Фастольф помолчал, встряхнул головой и продолжал:

- Мне бы хотелось, мистер Бейли, лучше понимать людей. Я потратил шесть десятков лет на изучение тонкостей позитронного мозга и надеюсь посвятить им ещё пятнадцать-двадцать. И за всё это время я практически не соприкоснулся с проблемами человеческого мозга, неизмеримо более сложными. Нет ли Законов для человека, аналогичных Трем Законам для роботов? Сколько их? Как их можно выразить математически? Я не знаю. Однако может наступить день, когда кто-то разработает Законы Человека и сможет предсказывать большие отрезки будущего, зная точно, что ждет человечество, а не просто строя догадки, как я, зная точно, как улучшить положение вещей, а не шаря в темноте. Иногда я мечтаю о создании математической науки, которую назвал бы "психоистория", но знаю, что мне это не удастся. Да и никому другому, боюсь, тоже.

Он умолк. Бейли подождал, а потом сказал мягко:

- А ваш мотив уничтожить Джендера Пэнелла, доктор Фастольф?

Фастольф словно не услышал его. Во всяком случае, он ничего не ответил. И сказал только:

- Дэниел и Жискар опять сигналят, что опасности нет. Скажите, мистер Бейли, вы расположены пройти со мной ещё некоторое расстояние?

- А куда? - осторожно осведомился Бейли.

- К соседнему дому. Вон в том направлении через лужайку.

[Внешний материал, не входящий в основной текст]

Definition in_T_pi (pi : seq nat) (e : rel 'I_(size pi)) : Prop :=
  is_tree e /\ @has_degree_seq (size pi) e pi.

Definition tree_sequence (pi : seq nat) : Prop :=
  exists e : rel 'I_(size pi), in_T_pi e.

Definition isomorphic (n : nat) (e1 e2 : rel 'I_n) : Prop :=
  exists f : 'I_n -> 'I_n, bijective f /\ forall x y, e1 x y = e2 (f x) (f y).

(* Let [pi] be a tree sequence on [n] vertices, [d = d_0 >= ... >= d_(n-1)]
   its nonincreasing rearrangement, and [nchild d i = sum_(k < i) (d_k - [k > 0])].

   Let [v_0, ..., v_(n-1)] be a BFD-ordering of a tree in T_pi.
   By (B2) [deg v_k = d_k]; every non-root vertex has a unique parent (its
   neighbour closer to the root), which is its first neighbour in the
   ordering, so by the BFS condition parent positions are monotone.  Since
   [v_k] has [d_k - [k > 0]] children, the children of [v_0, ..., v_(i-1)]
   are exactly [v_1, ..., v_(nchild d i)]; hence the parent of [v_j] is at
   position [bfd_parent d j], a quantity depending on [pi] only.  Two
   BFD-trees in T_pi are therefore isomorphic by matching positions.

   Existence.  Conversely the graph on [{0, ..., n-1}] joining each [j > 0]
   to [bfd_parent d j] is a tree with degrees [d] in which the natural order
   is a BFD-ordering. *)

From mathcomp Require Import all_boot.
From mathcomp Require Import zify.
Set Implicit Arguments. Unset Strict Implicit. Unset Printing Implicit Defensive.

Lemma find_le (T : Type) (a : pred T) (s : seq T) x0 i :
  i < size s -> a (nth x0 s i) -> find a s <= i.
Proof. by move=> Hi Ha; rewrite leqNgt; apply/negP=> /(before_find x0); rewrite Ha. Qed.

Lemma find_first (T : eqType) (a : pred T) (s : seq T) x :
  uniq s -> x \in s -> a x -> (forall y, y \in s -> a y -> index x s <= index y s) ->
  find a s = index x s.
Proof.
move=> Us xs ax least; apply/eqP; rewrite eqn_leq; apply/andP; split.
  by apply: (@find_le _ _ _ x); rewrite ?index_mem ?nth_index.
have has_a : has a s by apply/hasP; exists x.
have := least _ (mem_nth x (_ : find a s < size s)) (nth_find x has_a).
by rewrite index_uniq -?has_find //; apply.
Qed.

Lemma card_count (T : finType) (s : seq T) (P : pred T) :
  uniq s -> (forall x, x \in s) -> #|[set x | P x]| = count P s.
Proof.
move=> Us Hs; rewrite -size_filter -(card_uniqP (filter_uniq P Us)).
by apply: eq_card => x; rewrite inE mem_filter Hs andbT.
Qed.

Вам тяжело будет идти через неё?

Бейли сжал губы и поглядел, куда указывал Фастольф. Он словно примеривался.

- По-моему, я стерплю. И не предвижу никаких осложнений.

Жискар, находившийся в пределах слышимости, подошёл поближе. В солнечных лучах его глаза не светились. Его голос был лишен человеческой эмоциональности, но слова были исполнены заботливости:

- Сэр, могу ли я напомнить вам, что на пути сюда вы испытали серьёзное недомогание при посадке?

Бейли обернулся к нему. Как бы он ни относился к Дэниелу, как бы теплота воспоминаний об их совместной работе ни нейтрализовала его отношения к роботам вообще, к Жискару это всё никакого отношения не имело. Эта более примитивная модель действовала на него отталкивающе. Он попытался подавить злость и ответил:

- На борту корабля, бой, я был неосторожен, слишком поддавшись любопытству. Я столкнулся с тем, чего прежде никогда не испытывал, и у меня не было времени приспособиться. А это совсем другое.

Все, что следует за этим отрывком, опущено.